(* Let $C'$ be an odd-like binary Euclidean LCD $[n,k,d]$ code. Then there exist a binary Euclidean LCD $[n-1,k-1,d']$ code $C$ with $d'\ge d$, a generator matrix $G$ of $C$, and a vector $\mathbf{x}\in C^{\perp_E}$ of even Hamming weight, such that $C'$ is equivalent to the binary code with generator matrix $\begin{pmatrix}1&\mathbf{x}\\ \mathbf{0}&G\end{pmatrix}$.
   Context: A binary $[n,k,d]$ code is a $k$-dimensional subspace of $\mathbb{F}_2^n$ with minimum nonzero Hamming weight $d$. $C^{\perp_E}$ is the dual with respect to $\langle x,y\rangle_E=\sum x_iy_i$; $C$ is LCD if $C\cap C^{\perp_E}=\{0\}$. A vector $x\in\mathbb{F}_2^n$ is even-like if $\sum x_i=0$ and odd-like otherwise; a binary code is even-like if all its codewords are even-like, and odd-like otherwise. Two codes are equivalent if one is obtained from the other by a monomial transformation (for binary codes, a coordinate permutation). $\mathbf{0}$ denotes a zero column. *)

From HB Require Import structures.
From mathcomp Require Import all_boot all_order all_algebra all_fingroup.
Set Implicit Arguments. Unset Strict Implicit. Unset Printing Implicit Defensive.
Import GRing.Theory.
Local Open Scope ring_scope.

(* Binary linear codes of length n are represented as row spaces of matrices
   over 'F_2: a matrix A : 'M['F_2]_(m, n) represents the code (A)%MS,
   i.e. the span of its rows. *)
Notation F2 := 'F_2.

Definition in_code m n (A : 'M[F2]_(m, n)) (x : 'rV[F2]_n) : bool := (x <= A)%MS.

Definition wt n (x : 'rV[F2]_n) : nat := #|[set i : 'I_n | x 0 i != 0]|.

Definition edual m n (A : 'M[F2]_(m, n)) : 'M[F2]_n := kermx A^T.

Definition is_LCD m n (A : 'M[F2]_(m, n)) : bool := (A :&: edual A)%MS == 0.

Definition cdim m n (A : 'M[F2]_(m, n)) : nat := \rank A.

Definition is_mindist m n (A : 'M[F2]_(m, n)) (d : nat) : Prop :=
  (exists x, [/\ in_code A x, x != 0 & wt x = d]) /\
  (forall x, in_code A x -> x != 0 -> (d <= wt x)%N).

Definition even_like_vec n (x : 'rV[F2]_n) : bool := \sum_i x 0 i == 0.
Definition odd_like m n (A : 'M[F2]_(m, n)) : Prop :=
  exists x, in_code A x /\ ~~ even_like_vec x.

Definition gen_matrix k m n (G : 'M[F2]_(k, n)) (A : 'M[F2]_(m, n)) : bool :=
  row_free G && (G == A)%MS.

Definition code_equiv m1 m2 n (A : 'M[F2]_(m1, n)) (B : 'M[F2]_(m2, n)) : Prop :=
  exists s : 'S_n, (col_perm s A == B)%MS.

(* Let P be the orthogonal projection onto the LCD code C'; it exists because
   B B^T is invertible for any basis B of C'.  Over F_2 the diagonal entry P_jj
   equals the j-th row sum of P, so every codeword x = x P has coordinate sum
   sum_j x_j P_jj; since C' is odd-like, some P_ii = 1.  The row u = P_i is a
   codeword with u_i = 1 and <c, u> = c_i for all c in C'.  After moving
   coordinate i to the front, C' is spanned by u = (1 | x) and by (0 | C),
   where C is C' shortened at coordinate 0.  From <c, u> = c_0 one reads off
   that x is orthogonal to C, that wt u is odd (hence wt x even), and that any
   z in C meet its dual lifts to (0 | z) in C' meet its dual, so C is LCD. *)

From HB Require Import structures.
From mathcomp Require Import all_boot all_order all_algebra all_fingroup.
Set Implicit Arguments. Unset Strict Implicit. Unset Printing Implicit Defensive.
Import GRing.Theory.
Local Open Scope ring_scope.

Lemma F2_mulrr (a : F2) : a * a = a.
Proof. by case: a => [[|[|//]]] ?; apply/val_inj. Qed.

Lemma F2_neq0 (a : F2) : a != 0 -> a = 1.
Proof. by case: a => [[|[|//]]] //= ? _; apply/val_inj. Qed.

Lemma F2_natr_eq1 (k : nat) : (k%:R == 1 :> F2) = odd k.
Proof. by rewrite -(Fp_nat_mod (isT : prime 2)) modn2; case: odd. Qed.

Lemma wtE n (x : 'rV[F2]_n) : wt x = (\sum_j ((x 0 j != 0)%R : nat))%N.
Proof. by rewrite /wt -sum1_card big_mkcond; apply: eq_bigr => j _; rewrite inE. Qed.

Lemma wt0 n : wt (0 : 'rV[F2]_n) = 0%N.
Proof. by rewrite wtE big1 // => j _; rewrite mxE eqxx. Qed.

Lemma sum_row_wt n (x : 'rV[F2]_n) : \sum_j x 0 j = (wt x)%:R.
Proof.
rewrite wtE natr_sum; apply: eq_bigr => j _.
by case: (x 0 j) => [[|[|//]]] ?; apply/val_inj.
Qed.

Lemma mulmx_trr_wt n (x : 'rV[F2]_n) : x *m x^T = (wt x)%:R%:M.
Proof.
apply/matrixP => i j; rewrite !ord1 !mxE -sum_row_wt /=.
by apply: eq_bigr => k _; rewrite mxE F2_mulrr.
Qed.

Lemma wt_row_mx n1 n2 (x1 : 'rV[F2]_n1) (x2 : 'rV[F2]_n2) :
  wt (row_mx x1 x2) = (wt x1 + wt x2)%N.
Proof.
rewrite !wtE big_split_ord /=.
by congr (_ + _)%N; apply: eq_bigr => j _; rewrite ?row_mxEl ?row_mxEr.
Qed.

Lemma wt_col_perm n (s : 'S_n) (x : 'rV[F2]_n) : wt (col_perm s x) = wt x.
Proof.
rewrite /wt -(card_preimset [set j | x 0 j != 0] (@perm_inj _ s)).
by apply: eq_card => j; rewrite !inE mxE.
Qed.

Section LinearCodes.
Variable F : fieldType.

Definition lcd m n (A : 'M[F]_(m, n)) := (A :&: kermx A^T)%MS == 0.

Lemma mulmx_trS_eq0 p m1 m2 n
    (z : 'M[F]_(p, n)) (A : 'M[F]_(m1, n)) (B : 'M[F]_(m2, n)) :
  (A <= B)%MS -> z *m B^T = 0 -> z *m A^T = 0.
Proof. by case/submxP => W -> zB; rewrite trmx_mul mulmxA zB mul0mx. Qed.

Lemma lcdP m n (A : 'M[F]_(m, n)) :
  reflect (forall z : 'rV_n, (z <= A)%MS -> z *m A^T = 0 -> z = 0) (lcd A).
Proof.
apply: (iffP rowV0P) => lcdA z.
  by move=> zA /eqP zo; apply: lcdA; rewrite sub_capmx zA sub_kermx zo.
by rewrite sub_capmx sub_kermx => /andP [zA /eqP zo]; apply: lcdA.
Qed.

Lemma col_permKV m n (s : 'S_n) (A : 'M[F]_(m, n)) : col_perm s (col_perm s^-1 A) = A.
Proof. by rewrite -col_permM mulgV col_perm1. Qed.

Lemma col_perm_submx m1 m2 n (s : 'S_n) (A : 'M[F]_(m1, n)) (B : 'M[F]_(m2, n)) :
  (col_perm s A <= col_perm s B)%MS = (A <= B)%MS.
Proof. by rewrite !col_permE submxMfree // row_free_unit unitmx_perm. Qed.

Lemma submx_col_perm m1 m2 n (s : 'S_n) (A : 'M[F]_(m1, n)) (B : 'M[F]_(m2, n)) :
  (A <= col_perm s B)%MS = (col_perm s^-1 A <= B)%MS.
Proof. by rewrite -(col_perm_submx s (col_perm s^-1 A)) col_permKV. Qed.

Lemma mxrank_col_perm m n (s : 'S_n) (A : 'M[F]_(m, n)) : \rank (col_perm s A) = \rank A.
Proof. by rewrite col_permE mxrankMfree // row_free_unit unitmx_perm. Qed.

Lemma lcd_col_perm m n (s : 'S_n) (A : 'M[F]_(m, n)) : lcd A -> lcd (col_perm s A).
Proof.
move=> /lcdP lcdA; apply/lcdP => z; rewrite submx_col_perm tr_col_perm mul_row_perm.
move=> zA zo; rewrite -(col_permKV s z) (lcdA _ zA zo).
by rewrite col_permE mul0mx.
Qed.

(* Only meaningful when [lcd A]; otherwise [invmx] returns its argument. *)
Definition orthoproj m n (A : 'M[F]_(m, n)) : 'M[F]_n :=
  let B := row_base A in B^T *m invmx (B *m B^T) *m B.

Lemma orthoproj_sym m n (A : 'M[F]_(m, n)) : (orthoproj A)^T = orthoproj A.
Proof.
rewrite /orthoproj; move: (row_base A) => B.
by rewrite !trmx_mul trmxK trmx_inv trmx_mul trmxK mulmxA.
Qed.

Lemma orthoproj_sub m n (A : 'M[F]_(m, n)) : (orthoproj A <= A)%MS.
Proof. by apply: submx_trans (submxMl _ _) _; rewrite eq_row_base. Qed.

Section Projection.
Variables (m n : nat) (A : 'M[F]_(m, n)).
Hypothesis lcdA : lcd A.

Lemma unitmx_row_base_lcd : row_base A *m (row_base A)^T \in unitmx.
Proof.
have /lcdP lcd_rows := lcdA.
have AB : (A <= row_base A)%MS by rewrite eq_row_base.
rewrite -row_free_unit -kermx_eq0; apply/rowV0P => w.
rewrite sub_kermx mulmxA => /eqP wBBt.
apply: (row_free_inj (row_base_free A)); rewrite mul0mx.
apply: lcd_rows; last exact: mulmx_trS_eq0 AB wBBt.
by apply: submx_trans (submxMl _ _) _; rewrite eq_row_base.
Qed.

Lemma mulmx_orthoproj p (X : 'M[F]_(p, n)) : (X <= A)%MS -> X *m orthoproj A = X.
Proof.
rewrite -(eq_row_base A) => /submxP [W ->].
rewrite /orthoproj; move: (row_base A) unitmx_row_base_lcd => B BBu.
by rewrite !mulmxA -(mulmxA W) -(mulmxA W) mulmxV // mulmx1.
Qed.

End Projection.

Definition represents_coord m n (A : 'M[F]_(m, n)) (i : 'I_n) (u : 'rV[F]_n) :=
  forall p (X : 'M_(p, n)), (X <= A)%MS -> X *m u^T = col i X.

Lemma orthoproj_coord m n (A : 'M[F]_(m, n)) i :
  lcd A -> represents_coord A i (row i (orthoproj A)).
Proof.
move=> lcdA p X XA.
by rewrite tr_row orthoproj_sym !colE mulmxA mulmx_orthoproj.
Qed.

Lemma represents_coord_tperm0 m n (A : 'M[F]_(m, n.+1)) i u :
  represents_coord A i u ->
  represents_coord (col_perm (tperm 0 i) A) 0 (col_perm (tperm 0 i) u).
Proof.
move=> u_coord p X; rewrite submx_col_perm tr_col_perm mul_row_perm => /u_coord ->.
by apply/matrixP => r j; rewrite !mxE tpermV tpermR.
Qed.

End LinearCodes.

Lemma mxrank_block1 (F : fieldType) p k n (X : 'M[F]_(p, n)) (G : 'M[F]_(k, n)) :
  \rank (block_mx 1%:M X 0 G) = (p + \rank G)%N.
Proof.
have -> : block_mx 1%:M X 0 G = block_mx 1%:M 0 0 G *m block_mx 1%:M X 0 1%:M.
  by rewrite mulmx_block !mulmx1 !mul1mx !mulmx0 !mul0mx !addr0 add0r.
rewrite mxrankMfree ?rank_diag_block_mx ?mxrank1 //.
by rewrite row_free_unit unitmxE det_ublock !det1 mulr1 unitr1.
Qed.

Lemma row_mx0S (F : fieldType) p r q n (Y : 'M[F]_(p, n)) (Z : 'M[F]_(r, n)) :
  (Y <= Z)%MS -> (row_mx (0 : 'M_(p, q)) Y <= row_mx (0 : 'M_(r, q)) Z)%MS.
Proof. by case/submxP => W ->; rewrite -(mulmx0 _ W) -mul_mx_row submxMl. Qed.

Lemma col0_row_mx0 (F : fieldType) p n (Y : 'M[F]_(p, n)) :
  col 0 (row_mx (0 : 'M_(p, 1)) Y) = 0.
Proof. by rewrite -[X in col X _](lshift0 n 0) (colKl (0 : 'I_1)) col0. Qed.

Lemma row_mx1_rsubmx (F : fieldType) n (u : 'rV[F]_(1 + n)) :
  u 0 0 = 1 -> row_mx 1 (rsubmx u) = u.
Proof.
move=> u0; rewrite -[RHS](hsubmxK u); congr row_mx.
by apply/matrixP => i j; rewrite !ord1 !mxE (lshift0 n 0) u0.
Qed.

Section ShortenedCode.
Variables (F : fieldType) (m n : nat) (A : 'M[F]_(m, 1 + n)) (u : 'rV[F]_(1 + n)).
Hypotheses (uA : (u <= A)%MS) (u0 : u 0 0 = 1) (u_coord : represents_coord A 0 u).

Local Notation D := (A - col 0 A *m u).

(* The rows c - c_0 u of D span the codewords vanishing at coordinate 0. *)
Definition shortened : 'M[F]_n := <<rsubmx D>>%MS.
Local Notation E := shortened.

Lemma row_mx0_shortening : row_mx 0 (rsubmx D) = D.
Proof.
rewrite -[RHS]hsubmxK; congr row_mx; apply/matrixP => r j.
by rewrite ord1 !mxE big_ord1 !mxE (lshift0 n 0) u0 mulr1 subrr.
Qed.

Lemma shortening_sub : (D <= A)%MS.
Proof. by rewrite addmx_sub ?eqmx_opp // (submx_trans (submxMl _ _) uA). Qed.

Lemma row_mx0_sub_shortened p (y : 'M[F]_(p, n)) : (y <= E)%MS -> (row_mx 0 y <= A)%MS.
Proof.
rewrite genmxE => yD; apply: submx_trans shortening_sub.
by rewrite -row_mx0_shortening row_mx0S.
Qed.

Lemma shortened_block_eqmx :
  (A == block_mx (1 : 'M_1) (rsubmx u) 0 (row_base E))%MS.
Proof.
rewrite block_mxEv row_mx1_rsubmx //; apply/andP; split; last first.
  by rewrite col_mx_sub uA row_mx0_sub_shortened ?eq_row_base.
rewrite -[X in (X <= _)%MS](subrK (col 0 A *m u)) -addsmxE.
apply: addmx_sub; last by apply: submx_trans (submxMl _ _) _; rewrite addsmxSl.
apply: submx_trans (addsmxSr _ _); rewrite -row_mx0_shortening row_mx0S //.
by rewrite eq_row_base genmxE.
Qed.

Lemma mxrank_shortened : \rank A = (\rank E).+1.
Proof.
by rewrite (eqmx_rank shortened_block_eqmx) mxrank_block1 eq_row_base.
Qed.

Lemma shortened_dual : (rsubmx u <= kermx E^T)%MS.
Proof.
have DA : (row_mx 0 (rsubmx D) <= A)%MS by rewrite row_mx0_shortening shortening_sub.
have := u_coord DA; rewrite col0_row_mx0 -[X in _ *m X^T = _](row_mx1_rsubmx u0).
rewrite tr_row_mx mul_row_col mul0mx add0r.
move/(congr1 trmx); rewrite trmx_mul trmxK trmx0 sub_kermx => uD.
by apply/eqP; apply: mulmx_trS_eq0 uD; rewrite genmxE.
Qed.

Lemma lcd_shortened : lcd A -> lcd E.
Proof.
move=> /lcdP lcdA; apply/lcdP => y yE yo.
have /andP [A_block _] := shortened_block_eqmx.
suff y0 : row_mx (0 : 'rV_1) y = 0 by move/eqP: y0; rewrite row_mx_eq0 => /andP [_ /eqP].
apply: lcdA; first exact: row_mx0_sub_shortened.
apply: mulmx_trS_eq0 A_block _.
rewrite block_mxEv row_mx1_rsubmx // tr_col_mx mul_mx_row.
rewrite u_coord ?row_mx0_sub_shortened // col0_row_mx0 tr_row_mx mul_row_col.
have GE : (row_base E <= E)%MS by rewrite eq_row_base.
by rewrite mul0mx add0r (mulmx_trS_eq0 GE yo) row_mx0.
Qed.

End ShortenedCode.

Lemma odd_like_coord_vector m n (A : 'M[F2]_(m, n)) :
  is_LCD A -> odd_like A ->
  exists i u, [/\ (u <= A)%MS, u 0 i = 1 & represents_coord A i u].
Proof.
move=> lcdA [x [xA x_odd]]; pose P := orthoproj A.
have PP : P *m P = P := mulmx_orthoproj lcdA (orthoproj_sub A).
(* P_jj = sum_l P_jl P_lj = sum_l P_jl^2 = sum_l P_jl over F_2. *)
have Psym a b : P a b = P b a by rewrite -{1}[P]orthoproj_sym mxE.
have row_sumP j : \sum_l P j l = P j j.
  by rewrite -[in RHS]PP mxE; apply: eq_bigr => l _; rewrite (Psym l) F2_mulrr.
have sum_x : \sum_l x 0 l = \sum_j x 0 j * P j j.
  rewrite -{1}(mulmx_orthoproj lcdA xA); under eq_bigr do rewrite mxE.
  by rewrite exchange_big; apply: eq_bigr => j _; rewrite -mulr_sumr row_sumP.
have [j Pj] : exists j, P j j != 0.
  apply/existsP; apply: contraR x_odd => /existsPn P0.
  by rewrite /even_like_vec sum_x big1 // => j _; rewrite (eqP (negPn (P0 j))) mulr0.
exists j, (row j P); split; last exact: orthoproj_coord.
  exact: submx_trans (row_sub _ _) (orthoproj_sub A).
by rewrite mxE (F2_neq0 Pj).
Qed.

Lemma wt_coord_vector m n (A : 'M[F2]_(m, n)) i u :
  (u <= A)%MS -> represents_coord A i u -> (wt u)%:R = u 0 i.
Proof. by move=> uA /(_ _ _ uA) /matrixP /(_ 0 0); rewrite mulmx_trr_wt !mxE eqxx. Qed.

Lemma even_wt_coord_rsubmx m n (A : 'M[F2]_(m, 1 + n)) u :
  (u <= A)%MS -> u 0 0 = 1 -> represents_coord A 0 u -> ~~ odd (wt (rsubmx u)).
Proof.
move=> uA u0 /(wt_coord_vector uA)/eqP; rewrite u0 F2_natr_eq1.
rewrite -{1}(row_mx1_rsubmx u0) wt_row_mx oddD.
suff -> : wt (1 : 'rV[F2]_1) = 1%N by [].
by rewrite wtE big_ord1 !mxE.
Qed.

Lemma min_wt_col_perm m n (A : 'M[F2]_(m, n)) (s : 'S_n) d :
  (forall x, in_code A x -> x != 0 -> (d <= wt x)%N) ->
  forall x, in_code (col_perm s A) x -> x != 0 -> (d <= wt x)%N.
Proof.
move=> mdA x; rewrite /in_code submx_col_perm -(wt_col_perm s^-1) => xA x0.
apply: mdA xA _; apply: contra x0 => /eqP x0.
by rewrite -(col_permKV s x) x0 col_permE mul0mx.
Qed.

Lemma min_wt_shortened m n (A : 'M[F2]_(m, 1 + n)) u d :
  (u <= A)%MS -> u 0 0 = 1 ->
  (forall x, in_code A x -> x != 0 -> (d <= wt x)%N) ->
  forall y, in_code (shortened A u) y -> y != 0 -> (d <= wt y)%N.
Proof.
move=> uA u0 mdA y yE y0.
have := mdA (row_mx (0 : 'rV_1) y); rewrite wt_row_mx wt0; apply.
  exact: (row_mx0_sub_shortened uA u0 yE).
by rewrite row_mx_eq0 negb_and y0 orbT.
Qed.

Theorem theorem3p6 (n k d m : nat) (C' : 'M['F_2]_(m, n)) :
  is_LCD C' -> odd_like C' -> cdim C' = k -> is_mindist C' d ->
  exists (n1 k1 : nat) (en : n = n1.+1), k = k1.+1 /\
  exists (C : 'M['F_2]_n1) (G : 'M['F_2]_(k1, n1)) (x : 'rV['F_2]_n1),
    [/\ is_LCD C, cdim C = k1,
        (forall y, in_code C y -> y != 0 -> (d <= wt y)%N) &
        gen_matrix G C] /\
    [/\ in_code (edual C) x, ~~ odd (wt x) &
        code_equiv (castmx (erefl m, en) C')
                   (block_mx (1 : 'M['F_2]_1) x 0 G)].
Proof.
case: n C' => [|n] A lcdA oddA rkA [_ mdA].
  by case: oddA => x [_]; rewrite /even_like_vec big_ord0 eqxx.
have [i [v [vA vi v_coord]]] := odd_like_coord_vector lcdA oddA.
pose s := tperm 0 i; pose A' := col_perm s A; pose u := col_perm s v.
have uA : (u <= A')%MS by rewrite col_perm_submx.
have u0 : u 0 0 = 1 by rewrite mxE tpermL.
have u_coord : represents_coord A' 0 u := represents_coord_tperm0 v_coord.
pose E := shortened A' u.
exists n, (\rank E), erefl; split.
  by rewrite -rkA /cdim -(mxrank_col_perm s) (mxrank_shortened uA u0).
exists E, (row_base E), (rsubmx (u : 'rV_(1 + n))); split; split.
- exact: lcd_shortened uA u0 u_coord (lcd_col_perm s lcdA).
- by [].
- exact: min_wt_shortened uA u0 (min_wt_col_perm mdA).
- by rewrite /gen_matrix row_base_free; apply/eqmxP; exact: eq_row_base.
- exact: shortened_dual.
- exact: even_wt_coord_rsubmx uA u0 u_coord.
- by exists s; rewrite castmx_id; exact: shortened_block_eqmx.
Qed.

####

Instructions to follow = Where a line of the listing holds the string "forall", copy that line.

Expected output =
  (forall x, in_code A x -> x != 0 -> (d <= wt x)%N).
  reflect (forall z : 'rV_n, (z <= A)%MS -> z *m A^T = 0 -> z = 0) (lcd A).
  forall p (X : 'M_(p, n)), (X <= A)%MS -> X *m u^T = col i X.
  (forall x, in_code A x -> x != 0 -> (d <= wt x)%N) ->
  forall x, in_code (col_perm s A) x -> x != 0 -> (d <= wt x)%N.
  (forall x, in_code A x -> x != 0 -> (d <= wt x)%N) ->
  forall y, in_code (shortened A u) y -> y != 0 -> (d <= wt y)%N.
        (forall y, in_code C y -> y != 0 -> (d <= wt y)%N) &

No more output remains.